For these tasks, it is preferable to use SSD on a Marvel chip, for example, some Crucial SSDs (Crucial MX300 1TB) or at least OCZ on RD400 (Toshiba OCZ RD400 1 Tb). Disks on the chip SandForce (SF) are better avoided.
Choosing the Brand
Finally, the most important question: do you need to buy a brand drives? There is no secret that HP, IBM and DELL do not produce hard drives. They buy them from third-party manufacturers, and then test them, reflash and put their logos on them.
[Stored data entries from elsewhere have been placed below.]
Lemma perm_tensor_act m A (s : 'S_m) u :
  perm_tensor s (tensor_act A u) = tensor_act A (perm_tensor s u).
Proof.
apply/ffunP => l'; rewrite !ffunE.
have perm_bij : bijective (fun L : idx d m => [ffun x => L (s x)]).
  by exists (fun L : idx d m => [ffun x => L (s^-1 x)%g]) => L; apply/ffunP => x;
    rewrite !ffunE ?permK ?permKV.
rewrite (reindex _ (onW_bij _ perm_bij)); apply: eq_bigr => L _.
rewrite !ffunE; congr (_ * u _).
by rewrite [RHS](reindex_inj (@perm_inj _ s)); apply: eq_bigr => x _; rewrite !ffunE.
Qed.

Lemma tensor_act_contract p n A (theta : tensor K d n) (v : tensor K d (p + n)) :
  tensor_act A (contract (twist theta (fun _ => A)) v) = contract theta (tensor_act A v).
Proof.
apply/ffunP => j'; rewrite !ffunE.
transitivity (\sum_(j : idx d p) \sum_(l : idx d n) \sum_(l' : idx d n)
  (\prod_x A (j x) (j' x)) * (theta l' * \prod_y A (l y) (l' y)) * v (idx_cat j l)).
  apply: eq_bigr => j _; rewrite ffunE mulr_sumr; apply: eq_bigr => l _.
  by rewrite ffunE big_distrl /= mulr_sumr; apply: eq_bigr => l' _; ring.
transitivity (\sum_(l' : idx d n) \sum_(j : idx d p) \sum_(l : idx d n)
  (\prod_x A (j x) (j' x)) * (theta l' * \prod_y A (l y) (l' y)) * v (idx_cat j l)).
  by under eq_bigr do rewrite exchange_big; rewrite exchange_big.
apply: eq_bigr => l' _; rewrite ffunE sum_idx_cat mulr_sumr; apply: eq_bigr => j _.
rewrite mulr_sumr; apply: eq_bigr => l _; rewrite big_split_ord /=.
rewrite [in RHS](eq_bigr (fun x => A (j x) (j' x))) => [|x _]; last by rewrite !idx_catl.
rewrite [in RHS](eq_bigr (fun y => A (l y) (l' y))) => [|y _]; last by rewrite !idx_catr.
ring.
Qed.

Lemma twist_twist n (theta : tensor K d n) (A B : 'I_n -> 'M[K]_d) :
  twist (twist theta A) B = twist theta (fun x => B x *m A x).
Proof.
apply/ffunP => l; rewrite !ffunE.
transitivity (\sum_(l' : idx d n) \sum_(l'' : idx d n)
   theta l' * ((\prod_x A x (l'' x) (l' x)) * \prod_x B x (l x) (l'' x))).
  under eq_bigr do rewrite ffunE big_distrl /=.
  by rewrite exchange_big; apply: eq_bigr => l' _; apply: eq_bigr => l'' _; ring.
apply: eq_bigr => l' _; rewrite -mulr_sumr; congr (_ * _); under [RHS]eq_bigr do rewrite mxE.
rewrite (bigA_distr_bigA (fun x y => B x (l x) y * A x y (l' x))).
by apply: eq_bigr => l'' _; rewrite -big_split; apply: eq_bigr => x _; rewrite mulrC.
Qed.

Lemma eq_twist n (theta : tensor K d n) (A B : 'I_n -> 'M[K]_d) :
  A =1 B -> twist theta A = twist theta B.
Proof.
move=> eq_AB; apply/ffunP => l; rewrite !ffunE; apply: eq_bigr => l' _.
by congr (_ * _); apply: eq_bigr => x _; rewrite eq_AB.
Qed.

Lemma eq_diag_form N (c c' : 'I_d -> K) : c =1 c' -> diag_form N c = diag_form N c'.
Proof. by move=> eq_c; apply/ffunP => l; rewrite !ffunE; apply: eq_bigr => i _; rewrite eq_c. Qed.

Lemma twist_diag_form_diag N (c : 'I_d -> K) (e : 'I_N -> 'rV[K]_d) :
  twist (diag_form N c) (fun x => diag_mx (e x)) =
  diag_form N (fun i => c i * \prod_x e x 0 i).
Proof.
apply/ffunP => l; rewrite !ffunE (bigD1 l) //= [X in _ + X]big1 ?addr0; last first.
  move=> l' /ffun_neq_exists[x ne_x].
  by rewrite (bigD1 x) //= mxE eq_sym (negbTE ne_x) mulr0n mul0r mulr0.
rewrite ffunE big_distrl /=; apply: eq_bigr => i _.
have [->|_] := eqVneq l [ffun=> i]; last by rewrite !mulr0 mul0r.
by rewrite !mulr1; congr (_ * _); apply: eq_bigr => x _; rewrite mxE ffunE eqxx mulr1n.
Qed.

End TensorAction.

Lemma dim_tensor_act_limg (K : fieldType) d m (A : 'M[K]_d) (W : {vspace tensor K d m}) :
  A \in unitmx -> \dim (linfun (tensor_act A) @: W) = \dim W.
Proof.
move=> A_unit; apply/eqP; rewrite eqn_leq limg_dim_le /=.
apply: (leq_trans _ (limg_dim_le (linfun (tensor_act (invmx A))) _)).
apply: dimvS; apply/subvP => u uW.
have -> : u = linfun (tensor_act (invmx A)) (linfun (tensor_act A) u).
  by rewrite !lfunE /= tensor_actM mulmxV // tensor_act1.
by do 2 apply: memv_img.
Qed.

Lemma contract_imageE (K : fieldType) d p n (theta : tensor K d n) s W :
  contract_image theta s W = (linfun (contract_perm (p := p) theta s) @: W)%VS.
Proof. by []. Qed.

Lemma dim_contract_tensor_act (K : fieldType) d p n (A : 'M[K]_d) (theta : tensor K d n)
    (s : 'S_(p + n)) (W : {vspace tensor K d (p + n)}) :
  (\dim (linfun (contract_perm theta s) @: (linfun (tensor_act A) @: W)) <=
   \dim (contract_image (twist theta (fun _ => A)) s W))%N.
Proof.
apply: (leq_trans _ (limg_dim_le (linfun (tensor_act A)) _)); apply: dimvS.
apply/subvP => v /memv_imgP [_ /memv_imgP [u uW ->] ->].
rewrite !lfunE /= /contract_perm perm_tensor_act -tensor_act_contract.
apply/memv_imgP; eexists; last by rewrite lfunE.
by rewrite contract_imageE; apply/memv_imgP; exists u; rewrite ?lfunE.
Qed.

Section DiagonalizedRepresentation.
Variables (K : fieldType) (gT : finGroupType) (G : {group gT}) (d : nat).
Variables (rho : mx_representation K G d) (P : 'M[K]_d).
Hypothesis P_unit : P \in unitmx.
Hypothesis P_diag : forall g, g \in G -> is_diag_mx (P *m rho g *m invmx P).

Lemma conj_repr_expg g n : g \in G ->
  P *m rho (g ^+ n)%g *m invmx P = (P *m rho g *m invmx P) ^+ n.
Proof.
move=> Gg; elim: n => [|n IH]; first by rewrite expg0 repr_mx1 mulmx1 mulmxV.
rewrite expgSr repr_mxM ?groupX // exprSr -IH -mulmxE.
by rewrite !mulmxA -(mulmxA _ (invmx P)) mulVmx // mulmx1.
Qed.

Lemma conj_repr_diag g : g \in G ->
  exists2 e : 'rV[K]_d, P *m rho g *m invmx P = diag_mx e & forall i, e 0 i ^+ #|G| = 1.
Proof.
move=> Gg; have /diag_mxP[e eq_e] := P_diag Gg; exists e => // i.
have := congr1 (fun M : 'M[K]_d => M i i) (conj_repr_expg #|G| Gg).
by rewrite expg_cardG // repr_mx1 mulmx1 mulmxV // eq_e diag_mx_expn !mxE !eqxx !mulr1n.
Qed.

(* sum_i f_i^{(x)|G|} for the dual f_i of the eigenbasis given by P; g scales its
   i-th term by chi_i(g)^|G| = 1. *)
Definition eigen_diag_form := twist (diag_form #|G| (fun _ : 'I_d => 1)) (fun _ => invmx P).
One hand, these drives have several advantages:
- Firmware considers features of controllers of various server models;
- Additional quality control and stress tests reduce the probability of purchasing drives with hidden defects;
- Vendor warranty and full support is available for the brand drives;
But “native” hard drives are about two or three times more expensive than the same model, but with the logos of non-native manufacturers – you can purchase Seagate, Western Digital, Toshiba, HGST and we are sure, that such difference in price is not justified for all the promises of increased reliability.
As the practice shows, the “non-native” hard drives operate without difficulties on:
- HP servers — at least from Gen 6;
- IBM servers — at least with the M2 generation;
- DELL servers — from 10 generations.
According to the statistics, most reliable are Hitachi drives. In second place Western Digital, on the third – Seagate.
Сheck Your Warranty
If you decided not to buy “non-native” hard drive, at first you must ask the seller: who provides the warranty? It is the fact, that many stores do not provide a guarantee on the hard disks, referring to the manufacturer’s warranty. But there is a subtle point: for example, some models of Seagate warranty period starts from the date of production. So do not exclude the situation that you can purchase a brand new drive, which is over the manufacturer warranty.
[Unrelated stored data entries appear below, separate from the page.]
(* Let $\mathbf u$ be a uniformly recurrent infinite word containing infinitely many (distinct) palindromic factors. Then the following are equivalent: (1) $D(\mathbf u)<\infty$; (2) $\mathbf u$ has only finitely many oddities; (3) there exists an integer $K$ such that every complete return word in $\mathbf u$ of every palindromic factor of $\mathbf u$ of length at least $K$ is a palindrome; (4) there exists an integer $H$ such that for every prefix $f$ of $\mathbf u$ with $|f|\ge H$, the longest palindromic suffix of $f$ occurs exactly once in $f$.
   Context: For a finite word $w$, $\overline{w}$ denotes its reversal; $w$ is a palindrome if $w=\overline w$. The defect of a finite word $w$ is $D(w)=|w|+1-(\text{number of distinct palindromic factors of } w, \text{ including the empty word})$; the defect of an infinite word $\mathbf u$ is $D(\mathbf u)=\sup\{D(w): w \text{ a prefix of }\mathbf u\}$. An infinite word is uniformly recurrent if every factor occurs infinitely often with bounded gaps between consecutive occurrences. For a recurrent word $\mathbf u$ and a factor $w$, a complete return word of $w$ is a factor $v$ of $\mathbf u$ such that $w$ is a prefix and a suffix of $v$ and $w$ occurs in $v$ exactly twice. An oddity of $\mathbf u$ is an unordered pair $\{v,\overline v\}$ with $v\neq\overline v$ such that $v$ or $\overline v$ is a complete return word in $\mathbf u$ of some palindromic factor of $\mathbf u$. *)

From mathcomp Require Import all_boot.
Set Implicit Arguments. Unset Strict Implicit. Unset Printing Implicit Defensive.

Section Words.
Variable A : finType.

Definition segment (u : nat -> A) (i n : nat) : seq A := mkseq (fun k => u (i + k)) n.

Definition factor (u : nat -> A) (w : seq A) : Prop := exists i, segment u i (size w) = w.

Definition uprefix (u : nat -> A) (n : nat) : seq A := segment u 0 n.

Definition palindrome (w : seq A) : bool := rev w == w.

Definition factors_of (w : seq A) : seq (seq A) :=
  [seq take j (drop i w) | i <- iota 0 (size w).+1, j <- iota 0 (size w - i).+1].

(* number of distinct palindromic factors of w, including the empty word *)
Definition npal (w : seq A) : nat := size (undup [seq x <- factors_of w | palindrome x]).

Definition defect (w : seq A) : nat := (size w).+1 - npal w.

Definition finite_defect (u : nat -> A) : Prop :=
  exists B, forall n, defect (uprefix u n) <= B.

(* number of occurrences of w in the finite word v (overlapping occurrences counted) *)
Definition occ (w v : seq A) : nat :=
  count (fun i => take (size w) (drop i v) == w) (iota 0 (size v - size w).+1).

Definition uniformly_recurrent (u : nat -> A) : Prop :=
  forall i n, exists L, forall j, exists k, j <= k <= j + L /\ segment u k n = segment u i n.

Definition inf_many_pal (u : nat -> A) : Prop :=
  forall s : seq (seq A), exists w, factor u w /\ palindrome w /\ w \notin s.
Before purchasing, you can check the warranty of specific instances on the manufacturers’ websites:
- Seagate: http://support.seagate.com/customer/en-US/warranty_validation.jsp
- Western Digital: http://support.wdc.com/Warranty/warrantyStatus.aspx?lang=en
- Hitachi: https://www.hgst.com/portal/site/en/support/warranty
When choosing a hard drive, at first you need to pay attention to the tasks that are going to be performed by the server:
- In case you don’t need a high-speed access and reliable data storage, and the number of discs will not exceed 4, we strongly recommend you choose the SATA RAID Edition drives. This is a great choice for low-cost entry-level servers, that serving a small number of users;
- If the server holds the database or the number of disks in the array will be 5 or more, it is better to choose SAS NL. Often, these discs are placed in servers that are used in medium-sized companies: under the accounting system, CMS, corporate repositories;
- If you need the maximum performance and/or reliability of data storage (for example, in the processing of financial transactions), your best choice is SAS Enterprise drives. It’s good for high-servers with a large number of users as well as for systems, which are operating with the most important data;
- In some cases, when you need to make a compromise choice, you can simultaneously use a mix of SAS + SATA drives for one server (you can also use SSD SATA drives);
To increase the reliability of the disk subsystem, it’s desirable to use disks from different parties on a single server in a RAID array.